According to WHO recommendations, young people from 9 to 26 years old are vaccinated, since it is believed that at an older age there is a high probability that a person is already infected with the virus. Also, the best immune response is achieved with vaccination at school age.
It is possible to exclude the presence of HPV in the body by passing a special blood test or a smear from the vagina / urethra. If no virus is detected, you can get vaccinated. If the test shows the presence of HPV, the vaccine will be useless.
Important! If the analysis showed infection with a virus, for example, 11 or 18 types, then a vaccine aimed at preventing other types of HPV will also be effective.
Those who were vaccinated during childhood can repeat the procedure 15 years later to prolong the protective effect of the vaccine.
Vaccine safety, pros and cons of vaccination
The HPV vaccine, the price of which is high due to the lack of domestic analogues, is safe and does not affect fertility. It contains only the empty shell of the virus without its genetic material (DNA). Therefore, during vaccination, the likelihood of infection with HPV is excluded.
All vaccines are internationally certified. Their use is allowed upon receipt of positive results for all tests carried out in laboratories. The drugs are also rigorously tested for side effects. Over the past 15 years, more than 175 million doses of vaccines have been administered worldwide, and in all cases no serious complications have been reported.
Despite the safety and efficacy of vaccines, there are some arguments against vaccination, but they are all relative and variable in nature:
- Pregnancy. The available research results prove the safety of vaccines for the fetus, but as a precaution, doctors still recommend waiting for delivery, and only then getting the HPV vaccine.
- Allergy. If a severe allergic reaction develops after the first dose of vaccine, at the discretion of the physician make a replacement drug during the second vaccination or decide to refuse a second vaccination.
- Heat. You can vaccinate healthy patients without signs of acute respiratory infections or inflammation. To get vaccinated, you need to wait for complete recovery and the absence of symptoms of the disease within 2 weeks.
US Centers for Disease Control and Prevention and European Medicines Agency Investigate Possible Vaccination Relationship from HPV and chronic pain syndrome, loss of consciousness caused by a decrease in blood pressure, which have been reported in several medical reports. Research has completely disproved any connection between these phenomena.
Possible side reactions
All vaccines are capable of provoking adverse reactions. HPV vaccinations cause complications in 1 in 30 thousand. Side effects are usually mild to moderate. Symptoms of complications disappear without medical intervention, 1-2 days after the administration of the vaccine.

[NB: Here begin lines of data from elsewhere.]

Section ProximalGradientStep.
Context {m : nat}.
Variables (U : vec m -> Prop) (xi1 : vec m -> R) (g1 : vec m -> vec m) (xi2 : vec m -> ER) (mu : R).
Hypothesis U_convex : vconvex_set U.
Hypothesis xi1_convex : convex_fun xi1.
Hypothesis xi1_grad : is_gradient xi1 g1.
Hypothesis xi2_closed : closed_fun xi2.
Hypothesis xi2_convex : convex_efun xi2.
Hypothesis mu_gt0 : 0 < mu.
Hypothesis xi2_strongly_convex : strongly_convex xi2 mu.

Definition linearization y Lk w := xi1 y + inner (g1 y) (vsub w y) + Lk / 2 * vnorm (vsub w y) ^ 2.
Definition objective w := xi1 w + ev xi2 w.

Lemma xi_sum_objective {w} : dom xi2 w -> xi_sum xi1 xi2 w = Some (objective w).
Proof. by move=> dw; rewrite /xi_sum (ev_dom dw). Qed.

(* The model is (Lk + mu)-strongly convex, so it grows quadratically away
   from its minimiser over the convex set U. *)
Lemma model_min_growth {y Lk x z} : 0 < Lk ->
  is_min_over U (model xi1 g1 xi2 y Lk) x -> U z -> dom xi2 z ->
  dom xi2 x /\
  linearization y Lk x + ev xi2 x + (Lk + mu) / 2 * vnorm (vsub z x) ^ 2
    <= linearization y Lk z + ev xi2 z.
Proof.
move=> Lk0 [Ux xmin] Uz dz.
have model_ev w : dom xi2 w -> model xi1 g1 xi2 y Lk w = Some (linearization y Lk w + ev xi2 w).
  by move=> dw; rewrite /model (ev_dom dw).
have dx : dom xi2 x by have := xmin z Uz; rewrite (model_ev z dz) /model /dom; case: (xi2 x).
split => //.
have le w : U w -> dom xi2 w -> linearization y Lk x + ev xi2 x <= linearization y Lk w + ev xi2 w.
  by move=> Uw dw; have := xmin w Uw; rewrite (model_ev w dw) (model_ev x dx).
set N := vnorm (vsub z x) ^ 2.
suff : linearization y Lk x + ev xi2 x <= linearization y Lk z + ev xi2 z - (Lk + mu) / 2 * N.
  lra.
apply: (Rle_of_le_add_small ((Lk + mu) / 2 * N)) => t t01.
set w := vadd (vscale t z) (vscale (1 - t) x).
have [dw sc] := strongly_convex_ev xi2_closed xi2_convex (Rlt_le _ _ mu_gt0) xi2_strongly_convex
  dz dx (t := t) ltac:(lra).
have lin : linearization y Lk w = t * linearization y Lk z + (1 - t) * linearization y Lk x
                                  - Lk / 2 * (t * (1 - t)) * N.
  have lin1 : inner (g1 y) (vsub w y) = t * inner (g1 y) (vsub z y) + (1 - t) * inner (g1 y) (vsub x y).
    by rewrite /w; inner_ring.
  have lin2 : inner (vsub w y) (vsub w y) = t * inner (vsub z y) (vsub z y)
              + (1 - t) * inner (vsub x y) (vsub x y) - t * (1 - t) * inner (vsub z x) (vsub z x).
    by rewrite /w; inner_ring.
  by rewrite /linearization /N !vnorm_sqr lin1 lin2; ring.
have := le w (U_convex z x t Uz Ux ltac:(lra)) dw; rewrite lin -/w -/N in sc * => lew.
apply: (Rmult_le_reg_l t); first lra.
have -> : t * (linearization y Lk z + ev xi2 z - (Lk + mu) / 2 * N + (Lk + mu) / 2 * N * t)
          = t * linearization y Lk z + t * ev xi2 z - (Lk + mu) / 2 * (t * (1 - t)) * N by ring.
nra.
Qed.
(* Let $d\ge1$, $\beta>0$, $\theta:[0,\infty)\to[0,\infty)$ continuous with $\theta(x)>0$ for $x>0$ and $h_\pm<\infty$; $\mu>0$ for bosons, $\mu\in\mathbb{R}$ for fermions. Let $\vec K^L\sim\mathcal{P}^L_\pm$ independently over $L$. There exists a constant $c=c(\theta)$ such that almost surely $$\limsup_{L\to\infty}\max_{\vec u\in B_{\vec1}(L)}\frac{R^L_{\vec u}(\vec K^L)}{(\log L)^{1/d}}\le c.$$
   Context: Put $q_{\vec n}^L=e^{-\beta(\theta(\|\vec n\|/L)+\mu)}$. Bosons: under $\mathcal{P}^L_+$ the $K_{\vec n}$, $\vec n\in\mathbb{Z}^d$, are independent with $\mathbb{P}(K_{\vec n}=k)=(1-q^L_{\vec n})(q^L_{\vec n})^k$, $k\ge0$. Fermions: independent $\{0,1\}$-valued with $\mathbb{P}(K_{\vec n}=1)=q^L_{\vec n}/(1+q^L_{\vec n})$. $h_\pm=\int_{\mathbb{R}^d}\big(\mp\log(1\mp e^{-\beta(\theta(\|\vec y\|)+\mu)})+\beta(\theta(\|\vec y\|)+\mu)\frac{e^{-\beta(\theta(\|\vec y\|)+\mu)}}{1\mp e^{-\beta(\theta(\|\vec y\|)+\mu)}}\big)d\vec y$. $B_{\vec u}(s)=\{\vec n\in\mathbb{Z}^d:u_i\le n_i\le u_i+s-1\ \forall i\}$, $\vec k_{\vec u}(s)=(k_{\vec n})_{\vec n\in B_{\vec u}(s)}$, $R^L_{\vec u}(\vec k)=\inf\{s\ge1:\vec k_{\vec u}(s)\ne\vec k_{\vec v}(s)\ \forall\vec v\ne\vec u,\ \vec v\in B_{\vec1}(L)\}$. *)

From HB Require Import structures.
From mathcomp Require Import all_boot all_order all_algebra.
From mathcomp Require Import all_classical all_reals all_analysis.
Set Implicit Arguments. Unset Strict Implicit. Unset Printing Implicit Defensive.
Import Order.TTheory GRing.Theory Num.Theory.
Import numFieldNormedType.Exports.
Local Open Scope classical_set_scope.
Local Open Scope ring_scope.

Definition Zd (d : nat) := {ffun 'I_d -> int}.

Definition Zd_norm (R : realType) (d : nat) (n : Zd d) : R :=
  Num.sqrt (\sum_(i < d) ((n i)%:~R) ^+ 2).

Inductive stat := Boson | Fermion.

Definition qL (R : realType) (d : nat) (beta mu : R) (theta : R -> R)
  (L : nat) (n : Zd d) : R :=
  expR (- (beta * (theta (Zd_norm R n / L%:R) + mu))).

(* the one-site law of K_n under P^L_+ (bosons) / P^L_- (fermions) *)
Definition site_pmf (R : realType) (st : stat) (q : R) (k : nat) : R :=
  match st with
  | Boson => (1 - q) * q ^+ k
  | Fermion => if k == 0%N then 1 / (1 + q)
               else if k == 1%N then q / (1 + q) else 0
  end.

Definition h_integrand (R : realType) (st : stat) (beta mu : R)
  (theta : R -> R) (r : R) : R :=
  let x := beta * (theta r + mu) in
  match st with
  | Boson => - ln (1 - expR (- x)) + x * expR (- x) / (1 - expR (- x))
  | Fermion => ln (1 + expR (- x)) + x * expR (- x) / (1 + expR (- x))
  end.

(* iterated Lebesgue integral over R^n of a function of n real variables
   (given as a list); for nonnegative integrands this is the Lebesgue
   integral over R^n by Tonelli *)
Fixpoint iter_integral (R : realType) (n : nat)
  (f : seq R -> \bar R) : \bar R :=
  match n with
  | 0%N => f [::]
  | n'.+1 => (\int[@lebesgue_measure R]_x iter_integral n' (fun s => f (x :: s)))%E
  end.
(* Assume $V=L$. Let $\xi_0,\xi_1,\xi_2,\dots\in\Xi$, let $\vartheta=\bigcup_n\xi_n$, and let $X_n\in\mathrm{IPS}_{\xi_n}$ ($n<\omega$) satisfy the coherence condition $X_n\restriction(\xi_k\cap\xi_n)=X_k\restriction(\xi_k\cap\xi_n)$ for all $k,n$. Then $X=\bigcap_n(X_n\uparrow\vartheta)$ belongs to $\mathrm{IPS}_\vartheta$ and $X\restriction\xi_n=X_n$ for all $n$. In particular, if the sets $\xi_0,\xi_1,\dots$ are pairwise disjoint, then the coherence condition holds automatically, so $X=\bigcap_n(X_n\uparrow\vartheta)\in\mathrm{IPS}_\vartheta$ and $X\restriction\xi_n=X_n$ for all $n$.
   Context: $T$ is the set of all nonempty finite sequences of countable ordinals, ordered by strict extension $\subset$. $\Xi$ is the set of all at most countable $\xi\subseteq T$ closed downward under $\subset$. $D=2^\omega$; $D^\xi$ is the product of $\xi$ copies of $D$ (with $D^\varnothing=\{\varnothing\}$). For $\eta\subseteq\xi$ in $\Xi$: $x\restriction\eta$ is restriction of $x\in D^\xi$, $X\restriction\eta=\{x\restriction\eta:x\in X\}$, and $Y\uparrow\xi=\{x\in D^\xi:x\restriction\eta\in Y\}$ for $Y\subseteq D^\eta$. For $\zeta\in\Xi$, $\mathrm{IPS}_\zeta$ is the set of all $X\subseteq D^\zeta$ for which there is a homeomorphism $H$ of $D^\zeta$ onto $X$ such that for all $x_0,x_1\in D^\zeta$ and all $\xi\in\Xi$, $\xi\subseteq\zeta$: $x_0\restriction\xi=x_1\restriction\xi\iff H(x_0)\restriction\xi=H(x_1)\restriction\xi$. *)

From Stdlib Require Import List ClassicalEpsilon.
Import ListNotations.

(** * Countable ordinals
    A countable ordinal is the isomorphism class of a (strict) well-order
    on a subset of nat (the empty order gives 0, finite orders give finite
    ordinals). *)
Record WO := {
  wo_dom : nat -> Prop;
  wo_rel : nat -> nat -> Prop;
  wo_field : forall a b, wo_rel a b -> wo_dom a /\ wo_dom b;
  wo_irrefl : forall a, ~ wo_rel a a;
  wo_trans : forall a b c, wo_rel a b -> wo_rel b c -> wo_rel a c;
  wo_total : forall a b, wo_dom a -> wo_dom b -> a = b \/ wo_rel a b \/ wo_rel b a;
  wo_wf : well_founded wo_rel }.

Definition wo_iso (w w' : WO) : Prop :=
  exists f : nat -> nat,
    (forall a, wo_dom w a -> wo_dom w' (f a)) /\
    (forall a b, wo_dom w a -> wo_dom w b -> f a = f b -> a = b) /\
    (forall b, wo_dom w' b -> exists a, wo_dom w a /\ f a = b) /\
    (forall a b, wo_dom w a -> wo_dom w b -> (wo_rel w a b <-> wo_rel w' (f a) (f b))).

Definition Ord : Type := { C : WO -> Prop | exists w, forall w', C w' <-> wo_iso w w' }.

Definition T : Type := { s : list Ord | s <> [] }.

Definition ext_lt (s t : T) : Prop :=
  exists u : list Ord, u <> [] /\ proj1_sig t = proj1_sig s ++ u.

Definition countable_set (A : T -> Prop) : Prop :=
  exists f : T -> nat, forall s t, A s -> A t -> f s = f t -> s = t.

Definition InXi (xi : T -> Prop) : Prop :=
  countable_set xi /\ (forall s t, ext_lt s t -> xi t -> xi s).

(** * D = 2^omega and D^xi
    A point of D^xi is represented by a function x : T -> D which is
    constant (= d0) outside xi; D^empty is then the singleton {fun _ => d0}. *)
Definition D : Type := nat -> bool.
Definition d0 : D := fun _ => false.
Definition Pt : Type := T -> D.

Definition inD (z : T -> Prop) (x : Pt) : Prop := forall t, ~ z t -> x t = d0.

Definition restr (eta : T -> Prop) (x : Pt) : Pt :=
  fun t => if excluded_middle_informative (eta t) then x t else d0.

Definition restrS (X : Pt -> Prop) (eta : T -> Prop) : Pt -> Prop :=
  fun y => exists x, X x /\ y = restr eta x.

Definition upS (Y : Pt -> Prop) (eta xi : T -> Prop) : Pt -> Prop :=
  fun x => inD xi x /\ Y (restr eta x).

(** * Product topology on D^z, written out via finitely many coordinates *)
Definition agree (F : list (T * nat)) (x y : Pt) : Prop :=
  forall p, In p F -> x (fst p) (snd p) = y (fst p) (snd p).

Definition cont_on (z : T -> Prop) (H : Pt -> Pt) : Prop :=
  forall x, inD z x -> forall F, exists G, forall x', inD z x' ->
    agree G x x' -> agree F (H x) (H x').

Definition invcont_on (z : T -> Prop) (H : Pt -> Pt) : Prop :=
  forall x, inD z x -> forall F, exists G, forall x', inD z x' ->
    agree G (H x) (H x') -> agree F x x'.

Definition homeo_onto (z : T -> Prop) (H : Pt -> Pt) (X : Pt -> Prop) : Prop :=
  (forall x, inD z x -> inD z (H x)) /\
  (forall y, X y <-> exists x, inD z x /\ y = H x) /\
  (forall x x', inD z x -> inD z x' -> H x = H x' -> x = x') /\
  cont_on z H /\ invcont_on z H.

Definition IPS (z : T -> Prop) (X : Pt -> Prop) : Prop :=
  exists H : Pt -> Pt, homeo_onto z H X /\
    forall x0 x1, inD z x0 -> inD z x1 ->
      forall xi, InXi xi -> (forall t, xi t -> z t) ->
        (restr xi x0 = restr xi x1 <-> restr xi (H x0) = restr xi (H x1)).

Definition interS (a b : T -> Prop) : T -> Prop := fun t => a t /\ b t.

(* Fix homeomorphisms [phi n] witnessing [Xs n] in IPS_(xi n). Since [phi n] preserves and
   reflects agreement on every downward closed set, a point of [Xs n] restricted to the nodes
   below t is determined by its values strictly below t together with one free coordinate
   in D.  Reading that coordinate off [y t], for any n with t in [xi n] (coherence makes the
   choice irrelevant), defines by well-founded recursion on the tree a map
   K : D^theta -> D^theta which is a bijection onto X, preserves restrictions and is
   continuous; as D^theta is compact, its inverse is continuous too. *)

From Stdlib Require Import List ClassicalEpsilon Classical FunctionalExtensionality
  PropExtensionality ProofIrrelevance Lia Wf_nat Cantor.
Import ListNotations.

Lemma restr_in (a : T -> Prop) x t : a t -> restr a x t = x t.
Proof. intro h; unfold restr; destruct (excluded_middle_informative (a t)); tauto. Qed.

Lemma restr_notin (a : T -> Prop) x t : ~ a t -> restr a x t = d0.
Proof. intro h; unfold restr; destruct (excluded_middle_informative (a t)); tauto. Qed.

Lemma restr_inD (a : T -> Prop) x : inD a (restr a x).
Proof. intros t h; now apply restr_notin. Qed.

Lemma restr_ext (a : T -> Prop) x y : (forall t, a t -> x t = y t) -> restr a x = restr a y.
Proof.
  intro h; extensionality t; destruct (classic (a t)).
  - rewrite !restr_in; auto.
  - now rewrite !restr_notin.
Qed.

Lemma restr_eq_at (a : T -> Prop) x y t : restr a x = restr a y -> a t -> x t = y t.
Proof. intros h ht. now rewrite <- (restr_in a x t ht), <- (restr_in a y t ht), h. Qed.

Lemma inD_ext (a : T -> Prop) x y : inD a x -> inD a y -> (forall t, a t -> x t = y t) -> x = y.
Proof.
  intros hx hy h. extensionality t. destruct (classic (a t)); auto. rewrite hx, hy; auto.
Qed.

Lemma restr_id (a : T -> Prop) x : inD a x -> restr a x = x.
Proof. intro h. apply (inD_ext a); auto using restr_inD, restr_in. Qed.

Lemma restr_restr (a b : T -> Prop) x :
  (forall t, b t -> a t) -> restr b (restr a x) = restr b x.
Proof. intro h. apply restr_ext. intros t ht. apply restr_in; auto. Qed.

Lemma inD_sub (a b : T -> Prop) x : (forall t, a t -> b t) -> inD a x -> inD b x.
Proof. intros h hx t ht. apply hx. intro; apply ht; auto. Qed.

Lemma restrS_restrS (A : Pt -> Prop) (a b : T -> Prop) :
  (forall t, b t -> a t) -> restrS (restrS A a) b = restrS A b.
Proof.
  intro h. extensionality y. apply propositional_extensionality. split.
  - intros [x [[x' [hx' ->]] ->]]. exists x'. split; auto. now apply restr_restr.
  - intros [x [hx ->]]. exists (restr a x). split; [now exists x|]. now rewrite restr_restr.
Qed.
(* Let $C$ be a transcendental kernel configuration, $(\mathcal M,\theta)\models T_\theta^C$, and $f\in K[X]_{\mathrm{irr}}$ with $C(f)<\infty$. For every $v\in\mathrm{Im}(f^{C(f)}[\theta])\setminus\mathrm{Im}(f^{C(f)+1}[\theta])$ there is an extension $(\mathcal M',\theta')\supseteq(\mathcal M,\theta)$ with $(\mathcal M',\theta')\models T_\theta^C$ and $v\in\mathrm{Im}(f^{C(f)+1}[\theta'])$.
   Context: Setting: $L$ is a first-order language, $T$ a model-complete $L$-theory and $K$ a field. There are $L$-formulas without parameters which define, in every model $\mathcal M\models T$, a nontrivial $K$-vector space $\mathbb V=\mathbb V^{\mathcal M}$; elements of $\mathbb V$ are treated as single elements. $L_\theta=L\cup\{\theta\}$, $\theta$ a new unary function symbol; $T_\theta$ is $T$ plus axioms saying $\theta|_{\mathbb V}$ is a $K$-linear endomorphism of $\mathbb V$ and $\theta(x)=0$ for $x\notin\mathbb V$. For $\rho=\sum_i(\rho)_iX^i\in K[X]$, $\rho[\theta]:=\sum_i(\rho)_i\theta^i$; images and kernels are taken in $\mathbb V$. $K[X]_{\mathrm{irr}}$ is the set of monic irreducible polynomials. A kernel configuration is a pair $C=(c,d)$ with $c:K[X]_{\mathrm{irr}}\to\mathbb N\cup\{\infty\}$, $d\in\mathbb N_{>0}\cup\{\infty\}$ such that $d=\infty$ or $d=\sum_f\deg(f)c(f)$; write $C(f)=c(f)$; $C$ is transcendental if $d=\infty$. For transcendental $C$, $\theta$ is a $C$-endomorphism if $\mathrm{Ker}(f^{C(f)}[\theta])=\mathrm{Ker}(f^{C(f)+1}[\theta])$ for all $f$ with $C(f)<\infty$, and $T^C_\theta:=T_\theta\cup\{\theta|_{\mathbb V}\text{ is a }C\text{-endomorphism}\}$. *)

From mathcomp Require Import all_boot all_algebra.
Set Implicit Arguments. Unset Strict Implicit. Unset Printing Implicit Defensive.
Import GRing.Theory.
Local Open Scope ring_scope.

Record signature := Signature {
  fsym : Type; fun_ar : fsym -> nat;
  rsym : Type; rel_ar : rsym -> nat }.

Section FOL.
Variable S : signature.

Inductive term :=
  | tvar : nat -> term
  | tapp (f : fsym S) : ('I_(fun_ar f) -> term) -> term.

(* de Bruijn variables: Fall / Fex bind variable 0 *)
Inductive formula :=
  | Fbot : formula
  | Feq : term -> term -> formula
  | Frel (r : rsym S) : ('I_(rel_ar r) -> term) -> formula
  | Fnot : formula -> formula
  | Fand : formula -> formula -> formula
  | For : formula -> formula -> formula
  | Fimp : formula -> formula -> formula
  | Fall : formula -> formula
  | Fex : formula -> formula.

- Local signs of a reaction to the vaccine: redness of the area where the injection was given, skin soreness, swelling.
- Systemic symptoms: dizziness, fever, accompanied by body aches and muscle soreness, abdominal cramps, gastrointestinal disorders, malaise.
Medical attention may be required only if a severe form of allergy develops.
The cost of vaccinations
You can get a papilloma virus vaccine in Russia only for a fee in private clinics. The price of one dose of Gardasil vaccine is 13-15 thousand rubles. rub. It is possible to vaccinate against HPV with Cervarix for 9-10 thousand. rub. Usually, only the price of the vaccine is included in the price, therefore, additional payment may be required for a doctor's consultation and services for performing an injection.